Competitive analysis is the process of analyzing your top competitors’ products, sales, and marketing strategies. The purpose is to use their tactics as a base expectation for your own brand and marketing strategies and find ways to improve on them.
Basically, if you want to improve your business, you have to do better at what other businesses are currently doing better than you.
Chances are, you already know who your competitors are. You could probably do a quick brainstorm and identify at least three Goliath companies within your industry. But you’ll need to validate your suspicions with data-backed research. You might find out that companies who are highly competitive in sales are below you on search rankings.
What To Do
Start by searching some general keywords into Google that are applicable to your company. For example, if you owned a high-fashion swimsuit company, you might search “fashionable swimwear,” or, “high-end swimsuits.”
See where you show up in the search results compared to your competitors. Who comes before you? How far down the search results page is your company? Make a list of companies performing better than you. These are you competitors.
2. Determine What Products They Offer
Now that you have a decent list of companies, you can narrow them down according to the products they offer. If they seem to fit a different niche than you, like selling swim shoes instead of swimsuits, they are indirect competitors and not as high of a priority.
Understanding how one company markets their products should give you better insight into how you should market your own.
What to Do
Take a full inventory of the competitor’s products. You should make note of a few things:
What do their products cost?
What is their pricing strategy online compared to brick and mortar?
How do they try to differentiate their products from other competitors?
Do they deliver their products?
Who might they be trying to reach with your products?
Are you offering products that they aren’t?
Are there things that neither of them offer but should consider?
3. Compare Keyword Rankings
Now it’s time to get into keyword specifics. There are two basic steps to proper keyword analysis:
Make a list of relevant topics you want to cover.
Find keywords that fit into each of those topics.
What To Do
Once you have some keywords you want to target, search those on Google and Bing to see how your competitors fair with them. How are they using those keywords in their web content? Are the results from a blog or a webpage?
You can also take time to find keywords that your competitors aren’t yet ranking for. And are there questions customers are asking about your industry that you can’t find the answer to? You can answer these questions to get a foothold on search engines.
Keyword Research Tools
In order to get serious about keyword research, you have to go deeper than the general search inquiries we made in the first step. That’s where these keyword research tools will come in handy:
Use these tools to see how competitive a certain keyword is to rank for. You can also find long tail keywords that are easier to rank for, and can start scoring you points towards a higher ranking on Google.
Make a list of what topics you want to rank for.
Now that you have your topic ideas, think of keywords that fit into those topics. Use the online tools provided above to find out each keyword or phrase’s volume and ranking difficulty to determine which keywords you should go for.

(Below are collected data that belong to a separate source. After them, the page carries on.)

(* Toggling m0 in G is a sign-reversing involution on the subfamilies of F. *)
Lemma signed_bigcap_sum_eq0 : \sum_(G in powerset F) term G = 0.
Proof.
pose tg G := if m0 \in G then G :\ m0 else m0 |: G.
have tgK : involutive tg.
  move=> G; rewrite /tg; case: (boolP (m0 \in G)) => m0G.
    by rewrite setD11 setD1K.
  by rewrite setU11 setU1K.
have term_tg G : term (tg G) = - term G.
  rewrite /term /tg; case: ifP => m0G.
    rewrite [#|G|](cardsD1 m0) m0G exprS mulN1r mulNr opprK.
    by rewrite [\bigcap_(m in G) m](big_setD1 _ m0G) /= setIC phi_setIm0.
  by rewrite cardsU1 m0G exprS mulN1r mulNr big_setU1 ?m0G //= setIC phi_setIm0.
have tg_powerset G : (tg G \in powerset F) = (G \in powerset F).
  rewrite !powersetE /tg; case: ifP => m0G; last by rewrite subUset sub1set m0F.
  apply/idP/idP => [sGF|/subsetP sGF]; last first.
    by apply/subsetP => m /setD1P[_ /sGF].
  apply/subsetP => m mG; case: (eqVneq m m0) => [->//|mm0].
  by apply: (subsetP sGF); rewrite !inE mm0.
apply/eqP; rewrite -eqNr -sumrN.
rewrite [X in _ == X](reindex_inj (inv_inj tgK)) /=.
by apply/eqP/eq_big => G; rewrite ?tg_powerset // => _; rewrite term_tg.
Qed.

Lemma alternating_bigcap_sum :
  \sum_(G in powerset F | G != set0) (-1) ^+ #|G|.+1 * phi (\bigcap_(m in G) m)
  = phi setT.
Proof.
have := signed_bigcap_sum_eq0; rewrite /term (bigD1 set0) ?powersetE ?sub0set //=.
rewrite cards0 big_set0 mul1r => /eqP; rewrite addr_eq0 => /eqP ->.
by rewrite -sumrN; apply: eq_bigr => G _; rewrite exprS mulN1r mulNr.
Qed.

End AlternatingSum.

Section MaximalSets.
Variable d : nat.
Implicit Types (F : {set {set 'I_d}}) (t : {set 'I_d}).

Lemma maxfam_sub F : maxfam F \subset F.
Proof. by apply/subsetP => m; rewrite inE => /andP[]. Qed.

Lemma maxfam_above F t : t \in F -> exists2 m, m \in maxfam F & t \subset m.
Proof.
move=> tF; have tt : (t \in F) && (t \subset t) by rewrite tF subxx.
have [m /andP[mF tm] mmax] :=
  @arg_maxnP _ t (fun m => (m \in F) && (t \subset m)) (fun m => #|m|) tt.
exists m => //; rewrite inE mF; apply/forall_inP => m' m'F; apply/implyP => mm'.
have /mmax : (m' \in F) && (t \subset m') by rewrite m'F (subset_trans tm mm').
by rewrite eq_sym eqEcard mm'.
Qed.

End MaximalSets.

Section Columns.
Variables (d : nat) (r : 'I_d -> nat) (S : {set {set 'I_d}}).
Implicit Types k : colT r S.

Definition col_set k := (val k).1.
Definition col_cat k := (val k).2.

Lemma col_set_in k : col_set k \in S.
Proof. by case/andP: (valP k). Qed.

Lemma col_supp k : supp_is (col_set k) (col_cat k).
Proof. by case/andP: (valP k). Qed.

Lemma col_cat_neq0 k : [forall j in col_set k, col_cat k j != ord0].
Proof.
by apply/forall_inP => j jt; have /forallP/(_ j) := col_supp k; rewrite jt => /eqP <-.
Qed.

Lemma col_inj k k' : col_set k = col_set k' ->
  [forall j in col_set k, col_cat k j == col_cat k' j] -> k = k'.
Proof.
move=> et /forall_inP ec; have /forallP s1 := col_supp k; have /forallP s2 := col_supp k'.
apply/val_inj/injective_projections => //; apply/ffunP => j.
case: (boolP (j \in col_set k)) => jt; first exact/eqP/ec.
move: (s1 j) (s2 j); rewrite -et (negbTE jt) /col_cat.
by do 2 move=> /eqP/esym/negbFE/eqP ->.
Qed.

Lemma exists_col B (z : assign r) : B \in S -> [forall j in B, z j != ord0] ->
  exists k, [/\ col_set k = B & forall j, j \in B -> col_cat k j = z j].
Proof.
move=> BS /forall_inP z_neq0.
have supp : supp_is B (splice B z assign0).
  by apply/forallP => j; rewrite !ffunE; case: ifP => jB //=; rewrite ?z_neq0 ?eqxx.
have kP : ((B, splice B z assign0).1 \in S) && supp_is B (splice B z assign0).
  by rewrite BS supp.
by exists (Sub (B, splice B z assign0) kP); split => // j jB; rewrite /col_cat /= ffunE jB.
Qed.

End Columns.

Lemma sum_enum_val (V : nmodType) (T : finType) (F : T -> V) :
  \sum_(i < #|{: T}|) F (enum_val i) = \sum_x F x.
Proof. by rewrite -big_enum_val. Qed.

Lemma unitmx_ker0 (F : fieldType) n (A : 'M[F]_n) :
  (forall v : 'cV_n, A *m v = 0 -> v = 0) -> A \in unitmx.
Proof.
move=> ker0; rewrite -unitmx_tr -row_free_unit; apply: inj_row_free => v vA0.
have /ker0 v0 : A *m v^T = 0 by rewrite -[A]trmxK -trmx_mul vA0 trmx0.
by rewrite -[v]trmxK v0 trmx0.
Qed.

Section Independence.
Variables (R : realFieldType) (d : nat) (r : 'I_d -> nat) (M : {set 'I_d}).
Variable pi : cell r M -> R.
Hypothesis pi_gt0 : forall x, 0 < pi x.
Hypothesis pi_sum1 : \sum_x pi x = 1.
Hypothesis pi_indep : forall x : cell r M, pi x = \prod_(j in M) marg pi (val x j).

Local Notation cellT := (cell r M).
Implicit Types (A B s : {set 'I_d}) (z zA zB : assign r) (x y : cellT).
Implicit Types (a b phi psi : cellT -> R).

Definition chi (A : {set 'I_d}) (z : assign r) (x : cellT) : R :=
  if [forall j in A, val x j == z j] then 1 else 0.

Lemma chi_set0 z x : chi set0 z x = 1.
Proof. by rewrite /chi; case: forall_inP => // nA; case: nA => j; rewrite inE. Qed.

Lemma csplice_subproof s (x y : cellT) :
  [forall j, (j \notin M) ==> (splice s (val x) (val y) j == ord0)].
Proof.
apply/forallP => j; apply/implyP => jM; rewrite spliceE.
by case: ifP => _; [move: (valP x) | move: (valP y)] => /forallP /(_ j) /implyP /(_ jM).
Qed.

Definition csplice s (x y : cellT) : cellT :=
  Sub (splice s (val x) (val y)) (csplice_subproof s x y).

Lemma cspliceE s x y j : val (csplice s x y) j = if j \in s then val x j else val y j.
Proof. exact: spliceE. Qed.

Lemma cspliceK s x y : csplice s (csplice s x y) (csplice s y x) = x.
Proof. by apply/val_inj/ffunP => j; rewrite !cspliceE; case: (j \in s). Qed.

Lemma pi_csplice s x y : pi x * pi y = pi (csplice s x y) * pi (csplice s y x).
Proof.
rewrite !pi_indep -!big_split /=; apply: eq_bigr => j _.
by rewrite !cspliceE; case: (j \in s); rewrite // mulrC.
Qed.

(* Under independence, [condE s phi] is the conditional expectation of phi
   given the variables in s. *)
Definition condE s (phi : cellT -> R) (x : cellT) : R :=
  \sum_y pi y * phi (csplice s x y).
Definition prob A z := \sum_y pi y * chi A z y.

Lemma chi_csplice s A z x y :
  chi A z (csplice s x y) = chi (A :&: s) z x * chi (A :\: s) z y.
Proof.
rewrite /chi.
have -> : [forall j in A, val (csplice s x y) j == z j] =
    [forall j in A :&: s, val x j == z j] && [forall j in A :\: s, val y j == z j].
  apply/forall_inP/andP => [H|[/forall_inP H1 /forall_inP H2] j jA].
    split; apply/forall_inP => j; rewrite !inE => /andP[];
      [move=> jA js | move=> js jA]; have := H j jA;
      by rewrite cspliceE ?js ?(negbTE js).
  rewrite cspliceE; case: ifP => js; [apply: H1 | apply: H2];
    by rewrite !inE ?js jA.
by do 2 case: [forall j in _, _]; rewrite /= ?mul1r ?mul0r.
Qed.

Lemma condE_chi s A z x : condE s (chi A z) x = prob (A :\: s) z * chi (A :&: s) z x.
Proof.
rewrite /condE /prob mulr_suml; apply: eq_bigr => y _.
by rewrite chi_csplice mulrCA mulrC.
Qed.

Lemma eq_condE s phi psi : phi =1 psi -> condE s phi =1 condE s psi.
Proof. by move=> e x; apply: eq_bigr => y _; rewrite e. Qed.

Lemma condE_sum (T : finType) s (al : T -> R) (phi : T -> cellT -> R) x :
  condE s (fun x => \sum_i al i * phi i x) x = \sum_i al i * condE s (phi i) x.
Proof.
rewrite /condE; under eq_bigr do rewrite mulr_sumr; rewrite exchange_big.
by apply: eq_bigr => i _; rewrite mulr_sumr; apply: eq_bigr => y _; ring.
Qed.

Lemma condE_sum_chi (T : finType) s (al : T -> R) (A : T -> {set 'I_d})
    (z : T -> assign r) x :
  condE s (fun x => \sum_i al i * chi (A i) (z i) x) x =
  \sum_i (al i * prob (A i :\: s) (z i)) * chi (A i :&: s) (z i) x.
Proof. by rewrite condE_sum; apply: eq_bigr => i _; rewrite condE_chi mulrA. Qed.

Definition ip (a b : cellT -> R) := \sum_x pi x * a x * b x.
Definition mean (a : cellT -> R) := \sum_x pi x * a x.
Definition cov a b := ip a b - mean a * mean b.

(* The involution (x, y) |-> (csplice s x y, csplice s y x) preserves
   pi x * pi y. *)
Lemma ip_condE s a b : ip (condE s a) b = ip a (condE s b).
Proof.
have pairE (F : cellT -> cellT -> R) : \sum_x \sum_y F x y = \sum_p F p.1 p.2.
  by rewrite pair_bigA.
rewrite /ip /condE.
under eq_bigr do rewrite mulrAC mulr_sumr.
under [RHS]eq_bigr do rewrite mulr_sumr.
rewrite !pairE.
pose sg (p : cellT * cellT) := (csplice s p.1 p.2, csplice s p.2 p.1).
have sgK : involutive sg by case=> x y; rewrite /sg /= !cspliceK.
rewrite (reindex_inj (inv_inj sgK)) /=; apply: eq_bigr => [[x y]] _ /=.
rewrite cspliceK.
transitivity (pi (csplice s x y) * pi (csplice s y x) * (a x * b (csplice s x y))).
  by ring.
by rewrite -pi_csplice; ring.
Qed.

Lemma condE1 s x : condE s (fun _ => 1) x = 1.
Proof. by rewrite /condE -[RHS]pi_sum1; apply: eq_bigr => y _; rewrite mulr1. Qed.

Lemma mean_condE s a : mean (condE s a) = mean a.
Proof.
have ip1 c : mean c = ip c (fun _ => 1).
  by apply: eq_bigr => x _; rewrite mulr1.
rewrite !ip1 ip_condE; apply: eq_bigr => x _; by rewrite condE1.
Qed.

Lemma cov_condE s a b : cov (condE s a) b = cov a (condE s b).
Proof. by rewrite /cov ip_condE !mean_condE. Qed.

Lemma covC a b : cov a b = cov b a.
Proof. by rewrite /cov /ip mulrC; congr (_ - _); apply: eq_bigr => x _; ring. Qed.

Lemma eq_covr a b b' : b =1 b' -> cov a b = cov a b'.
Proof.
by move=> e; rewrite /cov /ip /mean; congr (_ - _ * _); apply: eq_bigr => x _; rewrite e.
Qed.

Lemma eq_covl a a' b : a =1 a' -> cov a b = cov a' b.
Proof. by move=> e; rewrite covC (eq_covr _ e) covC. Qed.

Lemma cov_sumr (T : finType) a (al : T -> R) (phi : T -> cellT -> R) :
  cov a (fun x => \sum_i al i * phi i x) = \sum_i al i * cov a (phi i).
Proof.
have sumE (f : cellT -> R) :
    \sum_x f x * (\sum_i al i * phi i x) = \sum_i al i * \sum_x f x * phi i x.
  under eq_bigr do rewrite mulr_sumr; rewrite exchange_big.
  by apply: eq_bigr => i _; rewrite mulr_sumr; apply: eq_bigr => x _; ring.
rewrite /cov /ip /mean sumE (sumE pi) mulr_sumr -sumrB.
by apply: eq_bigr => i _; ring.
Qed.

Lemma cov_cst a : cov a (fun _ => 1) = 0.
Proof.
rewrite /cov /ip /mean; under eq_bigr do rewrite mulr1.
by under [X in _ * X]eq_bigr do rewrite mulr1; rewrite pi_sum1 mulr1 subrr.
Qed.

Lemma cov_eq0_cst a : cov a a = 0 -> forall x, a x = mean a.
Proof.
have varE : cov a a = \sum_y pi y * (a y - mean a) ^+ 2.
  transitivity (\sum_y (pi y * a y * a y - (pi y * a y) * (2 * mean a))
                + \sum_y pi y * mean a ^+ 2); last first.
    by rewrite -big_split /=; apply: eq_bigr => y _; ring.
  rewrite sumrB -!mulr_suml pi_sum1 -/(mean a) /cov /ip; ring.
have nneg y : predT y -> 0 <= pi y * (a y - mean a) ^+ 2.
  by move=> _; rewrite mulr_ge0 ?sqr_ge0 ?ltW.
rewrite varE => /(psumr_eq0P nneg) var0 x.
have /eqP := var0 x isT.
by rewrite mulf_eq0 gt_eqF //= sqrf_eq0 subr_eq0 => /eqP.
Qed.

Lemma prob_set0 z : prob set0 z = 1.
Proof. by rewrite /prob -[RHS]pi_sum1; apply: eq_bigr => y _; rewrite chi_set0 mulr1. Qed.

Lemma cell_of_subproof A (z : assign r) :
  [forall j, (j \notin M) ==> (splice (A :&: M) z assign0 j == ord0)].
Proof.
by apply/forallP => j; apply/implyP => jM; rewrite !ffunE inE (negbTE jM) andbF.
Qed.

Definition cell_of A (z : assign r) : cellT :=
  Sub (splice (A :&: M) z assign0) (cell_of_subproof A z).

4. Analyze Their Engagement Levels
Because there are so many ways your competition can communicate with customers, you’ll have to be all over the board to see how customers are responding.
Social Media Channel Checklist
Use this list to make sure you’ve really checked all of your competitors’ channels:
What To Do
Check all of their social media channels and blog pages and look for the following:
The average number of likes, comments, and shares.
The tone of the comments from customers (positive or negative).
What topics seem to be more popular.
Which channels have the best engagement.
How your competitor categorizes their content.
From there you can determine what kinds of content work better than others to save yourself time and money in your marketing efforts.
5. Conduct a SWOT Analysis
A SWOT analysis can be used to determine the best opportunities within a business venture. SWOT stands for Strengths, Weaknesses, Opportunities, and Threats. One of its most useful applications is for analyzing your competitors.
What To Do
Go through each section of the SWOT analysis for each of your main competitors. And do the same thing for your company. You may have to do some extra digging, but it will be worth it to discover advantages. Use these questions to guide your analysis:
How is their business different from yours?
What unique resources do they offer?
What is their unique selling proposition?
What skills do their employees have that your company lacks?
What positive things do their customers say about them?
Do they have a strong customer base?
What expertise do they lack?
How does your company fair better than theirs?
What are some negative things customers are saying about their company?
Are there positive industry trends that their company could benefit from?
Is there a niche market they currently are not targeting?
Could they get more customers by offering something more?
Is their target market changing in a beneficial way?
Are there other potential competitors?
Are their employees happy?
Is their website safe to put information in?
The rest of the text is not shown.